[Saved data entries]
•••

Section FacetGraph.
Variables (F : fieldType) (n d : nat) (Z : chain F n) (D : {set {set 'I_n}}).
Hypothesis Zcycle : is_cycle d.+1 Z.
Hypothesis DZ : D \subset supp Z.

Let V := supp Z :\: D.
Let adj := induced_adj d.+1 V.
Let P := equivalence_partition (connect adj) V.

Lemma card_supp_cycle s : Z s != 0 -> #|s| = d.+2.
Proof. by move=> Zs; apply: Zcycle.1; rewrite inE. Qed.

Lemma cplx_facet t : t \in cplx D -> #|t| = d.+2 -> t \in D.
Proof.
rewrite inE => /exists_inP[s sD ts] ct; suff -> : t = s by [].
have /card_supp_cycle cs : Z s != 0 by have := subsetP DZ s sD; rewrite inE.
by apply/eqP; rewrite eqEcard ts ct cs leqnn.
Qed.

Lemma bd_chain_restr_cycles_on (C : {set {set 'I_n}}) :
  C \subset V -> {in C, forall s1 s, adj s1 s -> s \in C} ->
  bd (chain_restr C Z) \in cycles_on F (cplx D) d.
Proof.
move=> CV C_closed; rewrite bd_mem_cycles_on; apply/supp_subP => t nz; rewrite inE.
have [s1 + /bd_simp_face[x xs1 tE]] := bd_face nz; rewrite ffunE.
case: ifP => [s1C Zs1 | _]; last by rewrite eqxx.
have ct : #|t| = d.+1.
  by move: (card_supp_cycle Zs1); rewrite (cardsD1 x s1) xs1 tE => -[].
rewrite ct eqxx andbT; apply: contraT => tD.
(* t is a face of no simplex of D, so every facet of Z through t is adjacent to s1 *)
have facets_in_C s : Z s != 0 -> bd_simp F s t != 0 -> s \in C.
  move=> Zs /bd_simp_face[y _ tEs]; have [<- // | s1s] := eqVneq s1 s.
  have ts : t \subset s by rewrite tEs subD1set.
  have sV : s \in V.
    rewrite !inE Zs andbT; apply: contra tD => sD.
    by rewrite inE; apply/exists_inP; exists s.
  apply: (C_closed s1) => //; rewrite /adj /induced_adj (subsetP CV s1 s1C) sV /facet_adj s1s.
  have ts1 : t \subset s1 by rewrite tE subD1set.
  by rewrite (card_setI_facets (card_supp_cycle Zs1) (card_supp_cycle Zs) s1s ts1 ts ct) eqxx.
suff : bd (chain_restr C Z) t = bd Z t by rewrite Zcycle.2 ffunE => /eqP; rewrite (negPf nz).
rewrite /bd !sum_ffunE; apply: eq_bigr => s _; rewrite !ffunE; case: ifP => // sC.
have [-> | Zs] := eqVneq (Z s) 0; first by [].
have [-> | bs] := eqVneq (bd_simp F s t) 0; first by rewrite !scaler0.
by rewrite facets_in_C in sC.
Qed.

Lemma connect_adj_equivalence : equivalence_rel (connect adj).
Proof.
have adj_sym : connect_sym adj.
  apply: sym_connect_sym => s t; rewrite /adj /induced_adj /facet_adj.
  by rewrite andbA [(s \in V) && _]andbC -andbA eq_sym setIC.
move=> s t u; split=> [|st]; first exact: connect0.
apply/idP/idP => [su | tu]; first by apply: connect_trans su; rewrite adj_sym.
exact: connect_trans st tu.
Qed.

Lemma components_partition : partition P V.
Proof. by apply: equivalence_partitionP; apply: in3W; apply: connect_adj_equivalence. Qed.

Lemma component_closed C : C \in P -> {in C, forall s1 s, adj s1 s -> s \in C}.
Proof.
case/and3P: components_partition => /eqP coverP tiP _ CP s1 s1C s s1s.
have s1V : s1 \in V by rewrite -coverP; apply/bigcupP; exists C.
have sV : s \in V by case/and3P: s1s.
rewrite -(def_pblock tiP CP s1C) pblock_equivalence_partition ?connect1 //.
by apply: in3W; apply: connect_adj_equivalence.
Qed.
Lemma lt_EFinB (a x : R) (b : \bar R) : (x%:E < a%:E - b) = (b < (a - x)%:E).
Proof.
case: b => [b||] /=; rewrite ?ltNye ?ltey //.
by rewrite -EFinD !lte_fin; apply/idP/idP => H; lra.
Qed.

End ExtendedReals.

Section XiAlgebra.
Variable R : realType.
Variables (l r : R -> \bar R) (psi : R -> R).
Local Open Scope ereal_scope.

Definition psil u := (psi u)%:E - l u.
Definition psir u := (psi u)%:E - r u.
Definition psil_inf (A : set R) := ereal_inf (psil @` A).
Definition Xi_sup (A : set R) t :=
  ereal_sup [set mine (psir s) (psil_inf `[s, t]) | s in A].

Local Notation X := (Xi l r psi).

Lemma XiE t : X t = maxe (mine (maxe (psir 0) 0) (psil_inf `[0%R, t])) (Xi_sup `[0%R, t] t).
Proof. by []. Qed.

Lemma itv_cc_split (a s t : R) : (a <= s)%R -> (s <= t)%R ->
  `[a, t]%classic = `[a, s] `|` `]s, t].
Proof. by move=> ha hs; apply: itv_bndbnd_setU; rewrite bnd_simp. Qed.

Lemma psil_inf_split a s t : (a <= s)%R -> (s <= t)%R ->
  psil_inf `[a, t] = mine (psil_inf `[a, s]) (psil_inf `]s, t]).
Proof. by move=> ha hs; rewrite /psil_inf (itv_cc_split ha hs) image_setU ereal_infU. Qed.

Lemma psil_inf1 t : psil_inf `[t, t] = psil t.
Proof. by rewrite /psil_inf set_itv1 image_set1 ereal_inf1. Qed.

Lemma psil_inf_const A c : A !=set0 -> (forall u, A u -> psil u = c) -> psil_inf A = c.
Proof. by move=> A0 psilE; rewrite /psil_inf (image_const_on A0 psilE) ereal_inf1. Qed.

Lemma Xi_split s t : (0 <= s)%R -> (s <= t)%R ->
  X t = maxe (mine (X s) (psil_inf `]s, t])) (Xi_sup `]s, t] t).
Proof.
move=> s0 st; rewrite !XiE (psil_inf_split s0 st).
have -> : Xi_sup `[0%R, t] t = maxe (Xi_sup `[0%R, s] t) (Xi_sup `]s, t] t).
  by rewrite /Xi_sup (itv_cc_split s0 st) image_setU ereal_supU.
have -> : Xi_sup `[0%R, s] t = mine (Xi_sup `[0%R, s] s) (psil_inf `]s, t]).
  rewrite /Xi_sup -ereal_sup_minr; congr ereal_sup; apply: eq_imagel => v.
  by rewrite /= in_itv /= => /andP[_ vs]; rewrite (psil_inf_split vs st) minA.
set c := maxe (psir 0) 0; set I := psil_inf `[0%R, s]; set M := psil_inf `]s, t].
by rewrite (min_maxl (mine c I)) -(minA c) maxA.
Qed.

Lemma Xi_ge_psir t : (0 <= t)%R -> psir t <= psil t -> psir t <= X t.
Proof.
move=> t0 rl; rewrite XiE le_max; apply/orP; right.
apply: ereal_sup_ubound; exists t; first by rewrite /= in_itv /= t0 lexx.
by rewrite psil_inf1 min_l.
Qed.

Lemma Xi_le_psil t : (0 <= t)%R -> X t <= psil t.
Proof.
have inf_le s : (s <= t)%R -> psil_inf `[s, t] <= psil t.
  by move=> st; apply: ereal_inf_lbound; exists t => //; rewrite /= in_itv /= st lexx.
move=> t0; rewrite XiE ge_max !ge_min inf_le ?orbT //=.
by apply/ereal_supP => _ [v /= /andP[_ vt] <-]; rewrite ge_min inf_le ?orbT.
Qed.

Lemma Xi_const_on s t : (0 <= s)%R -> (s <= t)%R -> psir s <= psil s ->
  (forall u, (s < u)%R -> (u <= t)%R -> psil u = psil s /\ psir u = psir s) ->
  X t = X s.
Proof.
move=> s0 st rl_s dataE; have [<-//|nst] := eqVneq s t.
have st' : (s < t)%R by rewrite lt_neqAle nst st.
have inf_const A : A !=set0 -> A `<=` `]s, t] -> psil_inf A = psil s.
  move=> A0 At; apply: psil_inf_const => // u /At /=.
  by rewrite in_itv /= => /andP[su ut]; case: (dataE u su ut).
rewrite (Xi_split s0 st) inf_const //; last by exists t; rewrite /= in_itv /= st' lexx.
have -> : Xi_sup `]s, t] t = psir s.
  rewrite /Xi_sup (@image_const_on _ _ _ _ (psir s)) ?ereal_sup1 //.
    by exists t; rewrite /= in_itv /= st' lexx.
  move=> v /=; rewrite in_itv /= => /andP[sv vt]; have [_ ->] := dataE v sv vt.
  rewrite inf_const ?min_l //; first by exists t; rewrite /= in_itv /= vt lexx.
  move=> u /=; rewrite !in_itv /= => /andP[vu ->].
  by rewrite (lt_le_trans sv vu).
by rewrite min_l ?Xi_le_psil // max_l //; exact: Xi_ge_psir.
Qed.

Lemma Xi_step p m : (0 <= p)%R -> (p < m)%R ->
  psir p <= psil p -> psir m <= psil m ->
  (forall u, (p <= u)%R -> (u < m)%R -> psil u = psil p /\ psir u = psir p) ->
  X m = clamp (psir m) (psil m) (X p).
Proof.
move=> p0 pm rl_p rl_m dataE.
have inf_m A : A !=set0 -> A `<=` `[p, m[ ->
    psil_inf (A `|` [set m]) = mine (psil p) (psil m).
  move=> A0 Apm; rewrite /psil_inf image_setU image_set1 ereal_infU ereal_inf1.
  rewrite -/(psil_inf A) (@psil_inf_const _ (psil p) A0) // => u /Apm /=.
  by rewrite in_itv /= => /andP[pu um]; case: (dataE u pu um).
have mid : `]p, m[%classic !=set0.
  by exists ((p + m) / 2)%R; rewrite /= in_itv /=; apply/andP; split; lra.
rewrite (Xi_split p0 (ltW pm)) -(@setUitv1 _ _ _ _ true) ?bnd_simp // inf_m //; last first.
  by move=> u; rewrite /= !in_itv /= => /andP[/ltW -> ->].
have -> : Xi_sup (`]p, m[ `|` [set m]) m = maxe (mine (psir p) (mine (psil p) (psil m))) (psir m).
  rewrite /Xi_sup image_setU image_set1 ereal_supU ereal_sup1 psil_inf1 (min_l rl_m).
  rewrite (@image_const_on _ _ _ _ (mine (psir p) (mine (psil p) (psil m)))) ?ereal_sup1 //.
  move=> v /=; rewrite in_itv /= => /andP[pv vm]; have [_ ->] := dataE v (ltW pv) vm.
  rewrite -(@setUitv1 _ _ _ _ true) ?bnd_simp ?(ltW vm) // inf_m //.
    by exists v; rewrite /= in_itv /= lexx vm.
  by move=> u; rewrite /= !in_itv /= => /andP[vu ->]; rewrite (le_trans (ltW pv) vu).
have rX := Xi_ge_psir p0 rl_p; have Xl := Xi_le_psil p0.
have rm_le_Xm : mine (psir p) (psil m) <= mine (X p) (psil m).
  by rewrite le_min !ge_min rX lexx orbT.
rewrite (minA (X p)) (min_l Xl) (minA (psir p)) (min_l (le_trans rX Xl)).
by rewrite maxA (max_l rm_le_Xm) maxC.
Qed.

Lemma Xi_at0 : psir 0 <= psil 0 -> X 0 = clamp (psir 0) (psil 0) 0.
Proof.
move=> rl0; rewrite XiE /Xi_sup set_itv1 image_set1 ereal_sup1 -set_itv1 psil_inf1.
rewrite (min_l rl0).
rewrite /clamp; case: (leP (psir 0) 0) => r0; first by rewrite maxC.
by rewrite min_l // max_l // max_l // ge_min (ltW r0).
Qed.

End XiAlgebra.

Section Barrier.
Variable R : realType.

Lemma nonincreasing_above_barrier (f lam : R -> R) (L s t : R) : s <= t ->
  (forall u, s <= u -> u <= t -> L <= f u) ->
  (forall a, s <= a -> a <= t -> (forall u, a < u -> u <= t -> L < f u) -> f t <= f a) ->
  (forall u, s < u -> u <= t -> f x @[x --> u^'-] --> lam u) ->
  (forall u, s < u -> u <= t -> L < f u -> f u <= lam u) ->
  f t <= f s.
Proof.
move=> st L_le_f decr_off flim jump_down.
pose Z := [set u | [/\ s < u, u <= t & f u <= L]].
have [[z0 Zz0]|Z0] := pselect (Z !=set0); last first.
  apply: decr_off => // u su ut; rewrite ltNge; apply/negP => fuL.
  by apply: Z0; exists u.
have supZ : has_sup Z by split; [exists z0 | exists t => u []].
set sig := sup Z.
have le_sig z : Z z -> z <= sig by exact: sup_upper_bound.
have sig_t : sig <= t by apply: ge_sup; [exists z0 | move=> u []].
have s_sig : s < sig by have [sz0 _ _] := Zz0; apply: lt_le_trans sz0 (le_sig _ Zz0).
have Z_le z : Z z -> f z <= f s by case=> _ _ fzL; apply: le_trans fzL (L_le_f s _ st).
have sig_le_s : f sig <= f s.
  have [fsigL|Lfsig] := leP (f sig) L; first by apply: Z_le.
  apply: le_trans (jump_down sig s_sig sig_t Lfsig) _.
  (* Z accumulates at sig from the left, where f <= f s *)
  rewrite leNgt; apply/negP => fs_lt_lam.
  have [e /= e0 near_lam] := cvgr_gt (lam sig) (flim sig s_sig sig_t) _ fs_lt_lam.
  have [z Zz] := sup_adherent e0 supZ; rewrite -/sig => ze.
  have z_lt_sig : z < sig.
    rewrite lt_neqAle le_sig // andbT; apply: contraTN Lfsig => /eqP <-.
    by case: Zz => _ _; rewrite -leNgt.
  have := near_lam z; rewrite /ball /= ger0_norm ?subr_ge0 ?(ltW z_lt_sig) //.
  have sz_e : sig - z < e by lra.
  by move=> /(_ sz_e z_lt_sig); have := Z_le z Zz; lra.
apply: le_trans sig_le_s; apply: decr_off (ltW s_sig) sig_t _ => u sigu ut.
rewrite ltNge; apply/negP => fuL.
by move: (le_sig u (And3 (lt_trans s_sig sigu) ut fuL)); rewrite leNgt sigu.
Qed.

•••

_TASK BRIEF_.
Each line from the top of the entries above through the line containing "Let P := equivalence_partition" must be transcribed exactly, and no other line may appear.

_RESULT FOR THIS TASK_.
Section FacetGraph.
Variables (F : fieldType) (n d : nat) (Z : chain F n) (D : {set {set 'I_n}}).
Hypothesis Zcycle : is_cycle d.+1 Z.
Hypothesis DZ : D \subset supp Z.

Let V := supp Z :\: D.
Let adj := induced_adj d.+1 V.
Let P := equivalence_partition (connect adj) V.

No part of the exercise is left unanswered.